Belgium in 1916. When the United States entered the war the following year,
Will served in the U.S. Army in France. After the war, he moved back to his parents' home and
dutifully joined his father at his Greenville law practice, even if poetry and writing remained his
true passion. But when the flood reached Greenville in the spring of 1927, Will finally had a chance
to prove himself to his father and the community. On April 22nd, with Leroy's blessing, Greenville Mayor John Cannon named Will as the head of a special flood relief committee.
The appointment seemed a natural fit.
Will was already the chair of the Washington County branch of the Red Cross.
Now, his two positions put him in charge of the care of 50,000 people in the Delta,
a region where thousands of homes and buildings had been swept away. But even as Will and the relief committee began searching
for boats and supplies, local residents had already sprung into action. Volunteers who
owned rowboats and motorboats led early rescue efforts. Even local bootleggers lent their vessels
to the search. A black lumberyard worker named Will Moore formed a committee with his friends
and built new boats to look for survivors.
An older Cajun resident named Herman Callouet
installed a Model T Ford engine on his 22-foot boat
and rescued 150 people over the course of three days.
But not all his attempts were successful.
Callouet was haunted by his efforts
to rescue one family of seven
stranded in a
floating house. He watched helplessly as the house hit something and splintered, causing the entire
family to drown. And as the days passed, rescue operations became more organized. Boats followed
power lines to search for survivors in rural homes, and planes flew above, acting as spotters. Will Percy later wrote
about the frenzied aftermath of the flood. He remembered, for 36 hours the delta was in turmoil,
in movement, in terror. Then the waters covered everything. The turmoil ceased, and a great quiet
settled down. Over everything was silence, deadlier because of the strange cold sound of the currents gnawing at foundations, hissing against walls, clawing over obstacles.

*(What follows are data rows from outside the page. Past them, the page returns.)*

Lemma jaccard_dist0l S : jaccard_dist set0 S = 1.
Proof.
rewrite /jaccard_dist set0U set0D setD0 cards0; case: ifPn => S0 //.
by have := INR_card_gt0 S0; move=> S_pos /=; field; lra.
Qed.

Lemma jaccard_dist_scaled A C k : 0 < k ->
  (if Req_EM_T (INR #|A :|: C| * k) 0 then 1
   else (INR #|A :\: C| * k + INR #|C :\: A| * k) / (INR #|A :|: C| * k))
  = jaccard_dist A C.
Proof.
move=> k0; rewrite /jaccard_dist; have [-> | AC0] := eqVneq (A :|: C) set0.
  by rewrite cards0 Rmult_0_l; case: Req_EM_T.
have AC_pos := INR_card_gt0 AC0.
by case: Req_EM_T => h /=; [nra | field; lra].
Qed.

Lemma ratio_triangle a x s p y q z :
  0 < x -> 0 <= s -> a <= x -> a + s <= p + q -> 0 <= p -> 0 <= q ->
  0 < y <= x + s -> 0 < z <= x + s -> a / x <= p / y + q / z.
Proof.
move=> x0 s0 ax asp p0 q0 [y0 yu] [z0 zu].
have mediant : a / x <= (a + s) / (x + s) by apply: Rdiv_le_cross; nra.
have split_num : (a + s) / (x + s) <= p / (x + s) + q / (x + s).
  have -> : p / (x + s) + q / (x + s) = (p + q) / (x + s) by field; lra.
  by apply: Rdiv_le_cross; nra.
have py : p / (x + s) <= p / y by apply: Rdiv_le_cross; nra.
have qz : q / (x + s) <= q / z by apply: Rdiv_le_cross; nra.
lra.
Qed.

Lemma jaccard_dist_triangle A S C :
  jaccard_dist A C <= jaccard_dist A S + jaccard_dist S C.
Proof.
have AS_ge0 := jaccard_dist_ge0 A S; have SC_ge0 := jaccard_dist_ge0 S C.
have AC_le1 := jaccard_dist_le1 A C.
case AC0: (A :|: C == set0).
  move: AC0 AS_ge0 SC_ge0 AC_le1; rewrite setU_eq0 => /andP[/eqP-> _].
  rewrite jaccard_dist0l; lra.
case AS0: (A :|: S == set0).
  have AS1 : jaccard_dist A S = 1 by rewrite /jaccard_dist AS0.
  lra.
case SC0: (S :|: C == set0).
  have SC1 : jaccard_dist S C = 1 by rewrite /jaccard_dist SC0.
  lra.
rewrite /jaccard_dist AC0 AS0 SC0.
have cover := card_setU_setD A S C.
apply: (ratio_triangle (s := INR #|S :\: (A :|: C)|)).
- by apply: INR_card_gt0; rewrite AC0.
- exact: pos_INR.
- by rewrite -plus_INR; apply/INR_leq/card_setD2_le.
- by rewrite -!plus_INR; apply/INR_leq/card_setD2_triangle.
- by have := pos_INR #|A :\: S|; have := pos_INR #|S :\: A|; lra.
- by have := pos_INR #|S :\: C|; have := pos_INR #|C :\: S|; lra.
- split; first by apply: INR_card_gt0; rewrite AS0.
  by rewrite -plus_INR plusE cover; apply/INR_leq/subset_leq_card; rewrite subsetUl.
- split; first by apply: INR_card_gt0; rewrite SC0.
  rewrite -plus_INR plusE cover -setUA.
  by apply/INR_leq/subset_leq_card; rewrite subsetUr.
Qed.

End Jaccard.

Lemma ln_lt_sub1 x : 0 < x -> x <> 1 -> ln x < x - 1.
Proof.
move=> x0 x1; have ln0 : ln x <> 0.
  by move=> ln0; apply: x1; rewrite -(exp_ln x x0) ln0 exp_0.
by have := exp_ineq1 _ ln0; rewrite exp_ln //; lra.
Qed.

Lemma xlnx0 : xlnx 0 = 0.
Proof. by rewrite /xlnx; case: Rle_dec => // h; lra. Qed.

Lemma xlnx_pos x : 0 < x -> xlnx x = x * ln x.
Proof. by move=> x0; rewrite /xlnx; case: Rle_dec => h //; lra. Qed.

Lemma gibbs_lt q u : 0 <= q -> 0 < u -> q <> u -> q * ln u - xlnx q < u - q.
Proof.
move=> q0 u0 qu; case: (Req_dec q 0) => [-> | qn0]; first by rewrite xlnx0; lra.
have qpos : 0 < q by lra.
have uq_pos : 0 < u / q by apply: Rdiv_lt_0_compat.
have ln_uq : ln (u / q) = ln u - ln q.
  by rewrite ln_mult ?ln_Rinv //; apply: Rinv_0_lt_compat.
have uq1 : u / q <> 1.
  move=> uq1; apply: qu; have -> : u = u / q * q by field.
  by rewrite uq1; ring.
have := ln_lt_sub1 uq_pos uq1; rewrite ln_uq xlnx_pos // => lt_uq.
have -> : u - q = q * (u / q - 1) by field.
by rewrite -Rmult_minus_distr_l; apply: Rmult_lt_compat_l.
Qed.

Lemma gibbs_le q u : 0 <= q -> 0 < u -> q * ln u - xlnx q <= u - q.
Proof.
move=> q0 u0; case: (Req_dec q u) => [-> | qu]; last by apply/Rlt_le/gibbs_lt.
by rewrite xlnx_pos //; lra.
Qed.

Section ExactTiles.
Variables n m : nat.
Implicit Types (T : tile n m) (X Y : tileset n m) (D : Mat n m) (p q : Mat n m -> R)
  (A B : {set Mat n m}).

(* Restated for sumM: rewriting with the generic lemmas would produce a card
   #|A| whose finType instance differs syntactically from the one in
   {set Mat n m}, which ring/field/lra then treat as a different atom. *)
Lemma sumM_if_set (A : {set Mat n m}) c :
  sumM (fun D => if D \in A then c else 0) = INR #|A| * c.
Proof. exact: sumR_if_set. Qed.

Lemma sumM_sub (f g : Mat n m -> R) : sumM (fun D => f D - g D) = sumM f - sumM g.
Proof. exact: sumR_sub. Qed.

Lemma sumM_scal c (f : Mat n m -> R) : sumM (fun D => c * f D) = c * sumM f.
Proof. exact: sumR_scal. Qed.


Definition area T : {set 'I_n * 'I_m} := setX (trows T) (tcols T).

Definition ones T D : {set 'I_n * 'I_m} := [set c in area T | D c].

Lemma ones_sub T D : ones T D \subset area T.
Proof. by apply/subsetP => c; rewrite inE => /andP[]. Qed.

Lemma fr_ones T D : fr T D = INR #|ones T D| / INR #|area T|.
Proof.
rewrite /fr /area -cardsX Rmult_comm; congr (_ / _).
rewrite -[INR _]Rmult_1_r -sumR_if_set big_mkcond /=.
by apply: eq_bigr => c _; rewrite /ones /area !inE; case: (_ && _).
Qed.

Lemma fr_bounds T D : 0 <= fr T D <= 1.
Proof.
rewrite fr_ones; have le_ones := INR_leq (subset_leq_card (ones_sub T D)).
have := pos_INR #|ones T D|.
case: (Req_dec (INR #|area T|) 0) => [-> | area0].
  by rewrite /Rdiv Rinv_0; lra.
have area_pos : 0 < INR #|area T| by have := pos_INR #|area T|; lra.
have := Rinv_0_lt_compat _ area_pos.
have : INR #|area T| * / INR #|area T| = 1 by field.
rewrite /Rdiv; nra.
Qed.

Lemma fr_eq0 T D : fr T D = 0 -> forall c, c \in area T -> D c = false.
Proof.
rewrite fr_ones => fr0 c cT; apply/negP => Dc.
have ones_pos : 0 < INR #|ones T D|.
  by apply: INR_card_gt0; apply/set0Pn; exists c; rewrite inE cT.
have le_ones := INR_leq (subset_leq_card (ones_sub T D)).
have : 0 < INR #|ones T D| / INR #|area T| by apply: Rdiv_lt_0_compat; lra.
lra.
Qed.

Lemma fr_eq1 T D : fr T D = 1 -> forall c, c \in area T -> D c = true.
Proof.
rewrite fr_ones => fr1 c cT.
have area0 : INR #|area T| <> 0.
  by move=> area0; rewrite area0 /Rdiv Rinv_0 Rmult_0_r in fr1; lra.
have /INR_eq card_ones : INR #|ones T D| = INR #|area T|.
  have -> : INR #|ones T D| = INR #|ones T D| / INR #|area T| * INR #|area T| by field.
  by rewrite fr1 Rmult_1_l.
have /eqP ones_area : ones T D == area T by rewrite eqEcard ones_sub card_ones leqnn.
by move: cT; rewrite -ones_area inE => /andP[].
Qed.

The flood had finished cutting its path of destruction, but now the county faced a massive refugee crisis.
Survivors from all over the countryside were deposited on the highest ground in Greenville, the eight-foot-wide crown of the levee that ran adjacent to downtown.
The levee was now a long, narrow island, with a river on one side and a sea of brown,
fetid water on the other. Several thousand refugees, most of them black, packed the levee in a line that stretched for five miles. For shelter, they fashioned makeshift tents out
of blankets. Cows, mules, horses, and pigs joined the families,
adding to the chaos. And even though thousands of white residents had already fled Greenville,
the growing influx of refugees from the countryside pushed the town's population
from 15,000 to 25,000. Every hour, rescue boats left hundreds more people on the levee.
The Associated Press reported on the grim conditions in Greenville,
declaring,
The situation here, with the water supply gone,
most of the food destroyed,
and 10,000 camping on the levee, is desperate.
And as head of local relief efforts,
Will faced a series of daunting challenges.
He needed to secure boats, food, clean drinking water,
a sanitation system, and police.
Rail tracks had been washed away, cutting the town off from supplies. There was a high risk of an epidemic
of cholera or typhoid because contaminated water could spread disease. Fearing the threat of
sickness, starvation, and death, Will believed the best option would be to evacuate the refugees to
safer ground downriver to a camp the Red
Cross was setting up in Vicksburg, Mississippi, 80 miles away. He called a meeting with the
Greenville Relief Committee and proposed an evacuation order. The other members believed
he was speaking on his father's behalf and reluctantly agreed to his plan. But local
planters had their own ideas about what was best for the Delta's labor force,
and when word of Will's plan reached them, they were not pleased.
Imagine it's April 25th, 1927.
You're a cotton planter in Greenville, Mississippi.
It's been three days since floodwaters inundated the town,
and steamboats are waiting on the river to evacuate thousands of refugees to a Red Cross camp in Vicksburg. But those refugees include your sharecroppers,
and you have no intention of letting them go anywhere. You and a group of fellow planters
march into the office of the local relief committee to confront the man in charge. Across
the room, you spot Will Percy, his blonde head buried in a stack of paperwork.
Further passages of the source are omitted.